Stored items
(* Let $\mathcal{A}=\mathbb{C}[x,y]$ and consider the complex $0\to\mathcal{A}\xrightarrow{d^0}\mathcal{A}\times\mathcal{A}\xrightarrow{d^1}\mathcal{A}\to0$ with $d^0(f)=(x\partial_yf,\,-x^2\partial_xf)$ and $d^1(f_1,f_2)=x\partial_yf_2+x^2\partial_xf_1-xf_1$ (the logarithmic Poisson complex of the bracket $\{x,y\}=x^2$ along $x^2\mathcal{A}$). Its cohomology satisfies $H^0_{PS}\cong\mathbb{C}$, $H^1_{PS}\cong\mathbb{C}[y]\oplus\mathbb{C}_1[x]$, $H^2_{PS}\cong\mathbb{C}[y]$, where $\mathbb{C}_1[x]=\{a_0+a_1x:\ a_0,a_1\in\mathbb{C}\}$. *)

From HB Require Import structures.
From mathcomp Require Import all_boot all_order all_algebra.
Set Implicit Arguments. Unset Strict Implicit. Unset Printing Implicit Defensive.
Import Order.TTheory GRing.Theory Num.Theory.
Local Open Scope ring_scope.

(* The polynomial ring A = F[x,y] is represented as {poly {poly F}}:
   polynomials in the (outer) variable y whose coefficients are polynomials
   in the (inner) variable x. *)
Definition bipoly (F : fieldType) := {poly {poly F}}.

Definition xA (F : fieldType) : {poly {poly F}} := ('X : {poly F})%:P.

Definition dX (F : fieldType) (p : {poly {poly F}}) : {poly {poly F}} :=
  map_poly (@deriv _) p.
Definition dY (F : fieldType) (p : {poly {poly F}}) : {poly {poly F}} :=
  deriv p.

Definition scA (F : fieldType) (c : F) (p : {poly {poly F}}) : {poly {poly F}} :=
  c%:P%:P * p.
Definition scAA (F : fieldType) (c : F) (u : {poly {poly F}} * {poly {poly F}}) :=
  (scA c u.1, scA c u.2).
Definition scPP (F : fieldType) (c : F) (u : {poly F} * {poly F}) :=
  (c *: u.1, c *: u.2).

Definition d0 (F : fieldType) (f : {poly {poly F}}) :=
  (xA F * dY f, - (xA F ^+ 2 * dX f)).
Definition d1 (F : fieldType) (u : {poly {poly F}} * {poly {poly F}}) :
  {poly {poly F}} :=
  xA F * dY u.2 + xA F ^+ 2 * dX u.1 - xA F * u.1.

(* [quot_iso sV sW Z B T]: the quotient Z / B (Z, B subspaces of V, B inside Z)
   is F-linearly isomorphic to the subspace T of W; expressed via the first
   isomorphism theorem: there is an F-linear map Z -> W with image exactly T
   and kernel exactly B. *)
Definition quot_iso (F : fieldType) (V W : zmodType)
  (sV : F -> V -> V) (sW : F -> W -> W)
  (Z B : V -> Prop) (T : W -> Prop) : Prop :=
  exists phi : V -> W,
    [/\ (forall u v, Z u -> Z v -> phi (u + v) = phi u + phi v),
        (forall c u, Z u -> phi (sV c u) = sW c (phi u)),
        (forall u, Z u -> T (phi u)),
        (forall w, T w -> exists u, Z u /\ phi u = w) &
        (forall u, Z u -> (phi u = 0 <-> B u))].

(* Everything follows from the factorisation d1(u1, u2) = x (dY u2 + x dX u1 - u1)
   together with integration in y and in x, available in characteristic 0.
   A 0-cocycle has dY f = dX f = 0, hence is a constant.  The image of d1 is
   exactly the ideal x A, so H^2 = A / x A, read off by setting x = 0.  A
   1-cocycle u with u1(0, y) = 0 is u1 = x Q; then dY u2 + x^2 dX Q = 0, so with
   P an y-primitive of Q the element u2 + x^2 dX P depends on x only and equals
   u2(x, 0).  If moreover u2(x, 0) has no terms of x-degree < 2, it is x^2 k(x),
   and u = d0 (P - h) for h an x-primitive of k.  Hence the class of u is
   measured by u1(0, y) and the part of u2(x, 0) of x-degree < 2. *)
From HB Require Import structures.
From mathcomp Require Import all_boot all_order all_algebra.
Import GRing.Theory.
Local Open Scope ring_scope.

Section Antiderivative.
Context {R : unitRingType}.
Hypothesis natr_unit : forall n : nat, n.+1%:R \is a @GRing.unit R.

Lemma deriv_eq0_const (p : {poly R}) : p^`() = 0 -> p = (p`_0)%:P.
Proof.
move=> dp0; apply/polyP => -[|j]; rewrite coefC //=.
have := congr1 (coefp j) dp0; rewrite /= coef_deriv coef0 -mulr_natr.
by move=> /(congr1 (fun z => z * j.+1%:R^-1)); rewrite -mulrA mulrV // mulr1 mul0r.
Qed.

Definition antideriv (q : {poly R}) : {poly R} :=
  \poly_(i < (size q).+1) (q`_i.-1 * i%:R^-1).

Lemma antiderivK (q : {poly R}) : (antideriv q)^`() = q.
Proof.
apply/polyP => j; rewrite coef_deriv coef_poly ltnS.
case: ltnP => [_ | le_q_j] /=; first by rewrite -[_ *+ _]mulr_natr -mulrA mulVr ?mulr1.
by rewrite mul0rn nth_default.
Qed.

Lemma coef0_antideriv (q : {poly R}) : (antideriv q)`_0 = 0.
Proof. by rewrite coef_poly /= invr0 mulr0. Qed.

End Antiderivative.

Section BivariateCalculus.
Context {F : fieldType}.

Lemma xA_neq0 : xA F != 0.
Proof. by rewrite polyC_eq0 polyX_eq0. Qed.

Lemma coef_xAM (p : {poly {poly F}}) j : (xA F * p)`_j = 'X * p`_j.
Proof. exact: coefCM. Qed.

Lemma coef_xA2M (p : {poly {poly F}}) j : (xA F ^+ 2 * p)`_j = 'X^2 * p`_j.
Proof. by rewrite /xA -rmorphXn coefCM. Qed.

Lemma coef_dX (p : {poly {poly F}}) j : (dX p)`_j = (p`_j)^`().
Proof. by rewrite coef_map_id0 ?deriv0. Qed.

Lemma dX_polyC (c : {poly F}) : dX c%:P = (c^`())%:P.
Proof. exact: map_polyC. Qed.

Lemma dX_constant (c : F) : dX c%:P%:P = 0.
Proof. by rewrite dX_polyC derivC. Qed.

Lemma dX_map_polyC (c : {poly F}) : dX (map_poly polyC c) = 0.
Proof. by apply/polyP => j; rewrite coef_dX coef_map_id0 // derivC coef0. Qed.

Lemma dXB (p q : {poly {poly F}}) : dX (p - q) = dX p - dX q.
Proof. by apply/polyP => j; rewrite coefB !coef_dX coefB derivB. Qed.

Lemma dX_xAM (p : {poly {poly F}}) : dX (xA F * p) = p + xA F * dX p.
Proof.
by apply/polyP => j; rewrite coef_dX coefD !coef_xAM coef_dX derivM derivX mul1r.
Qed.

Lemma dY_xA2M (p : {poly {poly F}}) : dY (xA F ^+ 2 * p) = xA F ^+ 2 * dY p.
Proof. by apply/polyP => j; rewrite coef_deriv !coef_xA2M coef_deriv mulrnAr. Qed.

Lemma dY_dX (p : {poly {poly F}}) : dY (dX p) = dX (dY p).
Proof. by apply/polyP => j; rewrite coef_deriv !coef_dX coef_deriv derivMn. Qed.

Lemma d1_factor (u : {poly {poly F}} * {poly {poly F}}) :
  d1 u = xA F * (dY u.2 + xA F * dX u.1 - u.1).
Proof. by rewrite /d1 mulrBr mulrDr expr2 mulrA. Qed.

Definition restr_x0 (p : {poly {poly F}}) : {poly F} := map_poly (coefp 0) p.

Lemma coef_restr_x0 (p : {poly {poly F}}) j : (restr_x0 p)`_j = (p`_j)`_0.
Proof. by rewrite coef_map_id0 ?raddf0. Qed.

Lemma restr_x0D (p q : {poly {poly F}}) :
  restr_x0 (p + q) = restr_x0 p + restr_x0 q.
Proof. exact: raddfD. Qed.

Lemma restr_x0_scale (c : F) (p : {poly {poly F}}) :
  restr_x0 (scA c p) = c *: restr_x0 p.
Proof. by apply/polyP => j; rewrite coefZ !coef_restr_x0 !coefCM. Qed.

Lemma restr_x0_map_polyC (c : {poly F}) : restr_x0 (map_poly polyC c) = c.
Proof. by apply/polyP => j; rewrite coef_restr_x0 coef_map_id0 // coefC. Qed.

Lemma restr_x0_xAM (p : {poly {poly F}}) : restr_x0 (xA F * p) = 0.
Proof. by apply/polyP => j; rewrite coef_restr_x0 coef_xAM coefXM coef0. Qed.

Lemma restr_x0_eq0 (p : {poly {poly F}}) :
  restr_x0 p = 0 -> p = xA F * map_poly (drop_poly 1) p.
Proof.
move=> p0; apply/polyP => j; rewrite coef_xAM coef_map_id0 ?drop_poly0r //.
apply/polyP => -[|i]; rewrite coefXM coef_drop_poly ?addn1 //=.
by rewrite -coef_restr_x0 p0 !coef0.
Qed.

End BivariateCalculus.

Section Cohomology.
Variable F : fieldType.
Hypothesis hF : [pchar F] =i pred0.

Lemma pchar0_natr_unit n : n.+1%:R \is a @GRing.unit F.
Proof. by rewrite unitfE ((pcharf0P _).1 hF). Qed.

Lemma pchar0_natr_unit_poly n : n.+1%:R \is a @GRing.unit {poly F}.
Proof.
rewrite poly_unitE -polyC_natr size_polyC coefC /= pchar0_natr_unit andbT.
by rewrite ((pcharf0P _).1 hF).
Qed.

Lemma d0_eq0 (f : {poly {poly F}}) : d0 f = 0 -> f = ((f`_0)`_0)%:P%:P.
Proof.
move=> /(congr1 (fun u => (u.1, - u.2))) /=; rewrite opprK oppr0 => -[/eqP + /eqP].
rewrite !mulf_eq0 (negbTE xA_neq0) /=.
move=> /eqP /(deriv_eq0_const pchar0_natr_unit_poly) -> /eqP /(congr1 (coefp 0)).
by rewrite /= coef_dX coef0 coefC => /(deriv_eq0_const pchar0_natr_unit) <-.
Qed.

Lemma H0_iso : quot_iso (@scA F) (fun c (a : F) => c * a)
  (fun f => d0 f = 0) (fun f => f = 0) (fun _ => True).
Proof.
exists (fun f : {poly {poly F}} => (f`_0)`_0); split => //.
- by move=> u v _ _; rewrite !coefD.
- by move=> c u _; rewrite !coefCM.
- move=> a _; exists a%:P%:P; rewrite !coefC; split => //.
  by rewrite /d0 dX_constant /dY derivC !mulr0 oppr0.
- move=> f /d0_eq0 f_const; split => [f00 | ->]; last by rewrite !coef0.
  by rewrite f_const f00.
Qed.

Lemma im_d1 (g : {poly {poly F}}) : (exists u, g = d1 u) <-> restr_x0 g = 0.
Proof.
split=> [[u ->] | /restr_x0_eq0 ->]; first by rewrite d1_factor restr_x0_xAM.
exists (0, antideriv (map_poly (drop_poly 1) g)).
by rewrite /d1 /dY (antiderivK pchar0_natr_unit_poly) dX_constant !mulr0 subr0 addr0.
Qed.

Lemma H2_iso : quot_iso (@scA F) (fun c (p : {poly F}) => c *: p)
  (fun _ => True) (fun g => exists u, g = d1 u) (fun _ => True).
Proof.
exists restr_x0; split => //.
- by move=> u v _ _; exact: restr_x0D.
- by move=> c u _; exact: restr_x0_scale.
- by move=> w _; exists (map_poly polyC w); rewrite restr_x0_map_polyC.
- by move=> g _; apply: iff_sym; exact: im_d1.
Qed.

(* [u.2`_0] is u2(x, 0); its truncation keeps the x-degree < 2 part. *)
Definition H1_class (u : {poly {poly F}} * {poly {poly F}}) :=
  (restr_x0 u.1, take_poly 2 u.2`_0).

Lemma H1_class_d0 (f : {poly {poly F}}) : H1_class (d0 f) = 0.
Proof.
rewrite /H1_class /= restr_x0_xAM coefN coef_xA2M mulrC.
by rewrite -mulNr take_polyMXn_0.
Qed.

Lemma H1_class_eq0 (u : {poly {poly F}} * {poly {poly F}}) :
  d1 u = 0 -> H1_class u = 0 -> exists f, u = d0 f.
Proof.
case: u => u1 u2 /=; rewrite d1_factor => /eqP; rewrite mulf_eq0 (negbTE xA_neq0) /=.
move=> /eqP cocycle [/restr_x0_eq0 u1E low_u2].
move: (map_poly _ u1) u1E => Q u1E; rewrite {}u1E in cocycle *.
pose P := antideriv Q.
have dYP : dY P = Q := antiderivK pchar0_natr_unit_poly Q.
have eqQ : dY u2 + xA F ^+ 2 * dX Q = 0.
  by rewrite -cocycle dX_xAM mulrDr expr2 mulrA addrCA [RHS]addrC addKr.
have u2E : u2 + xA F ^+ 2 * dX P = (u2`_0)%:P.
  have dY0 : dY (u2 + xA F ^+ 2 * dX P) = 0.
    by rewrite -eqQ -dYP -dY_dX -dY_xA2M; exact: derivD.
  rewrite {1}(deriv_eq0_const pchar0_natr_unit_poly _ dY0) coefD coef_xA2M coef_dX.
  by rewrite coef0_antideriv deriv0 mulr0 addr0.
pose k := drop_poly 2 u2`_0.
have u20E : u2`_0 = 'X^2 * k by rewrite mulrC -{1}(poly_take_drop 2 u2`_0) low_u2 add0r.
exists (P - (antideriv k)%:P); rewrite /d0; congr (_, _).
  by rewrite -[Q]dYP /dY derivB derivC subr0.
rewrite dXB dX_polyC (antiderivK pchar0_natr_unit) mulrBr opprB /xA -rmorphXn -polyCM -u20E /=.
by rewrite -u2E rmorphXn addrK.
Qed.

Lemma H1_iso : quot_iso (@scAA F) (@scPP F)
  (fun u => d1 u = 0) (fun u => exists f, u = d0 f)
  (fun w => (size w.2 <= 2)%N).
Proof.
exists H1_class; split.
- by move=> [u1 u2] [v1 v2] _ _; rewrite /H1_class /= restr_x0D coefD take_polyD.
- move=> c [u1 u2] _; rewrite /H1_class /scPP /= restr_x0_scale.
  by rewrite coefCM mul_polyC take_polyZ.
- by move=> u _; exact: size_take_poly.
- move=> [c g] /= size_g.
  exists (map_poly polyC c, antideriv (map_poly polyC c) + g%:P); split.
    rewrite /d1 /= dX_map_polyC /dY derivD (antiderivK pchar0_natr_unit_poly) derivC.
    by rewrite addr0 mulr0 addr0 subrr.
  rewrite /H1_class /= restr_x0_map_polyC coefD coef0_antideriv coefC add0r.
  by rewrite take_poly_id.
- move=> u cocycle; split; first exact: H1_class_eq0.
  by case=> f ->; exact: H1_class_d0.
Qed.

End Cohomology.

Theorem proposition3p2 (F : fieldType) (hF : [pchar F] =i pred0) :
  quot_iso (@scA F) (fun c (a : F) => c * a)
    (fun f => d0 f = 0) (fun f => f = 0) (fun _ => True)
  /\
  quot_iso (@scAA F) (@scPP F)
    (fun u => d1 u = 0) (fun u => exists f, u = d0 f)
    (fun w => (size w.2 <= 2)%N)
  /\
  quot_iso (@scA F) (fun c (p : {poly F}) => c *: p)
    (fun _ => True) (fun g => exists u, g = d1 u) (fun _ => True).
Proof. by split; [exact: H0_iso | split; [exact: H1_iso | exact: H2_iso]]. Qed.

**Task:** Return every line holding the word "Context" from the records.

**Finished exercise:**
Context {R : unitRingType}.
Context {F : fieldType}.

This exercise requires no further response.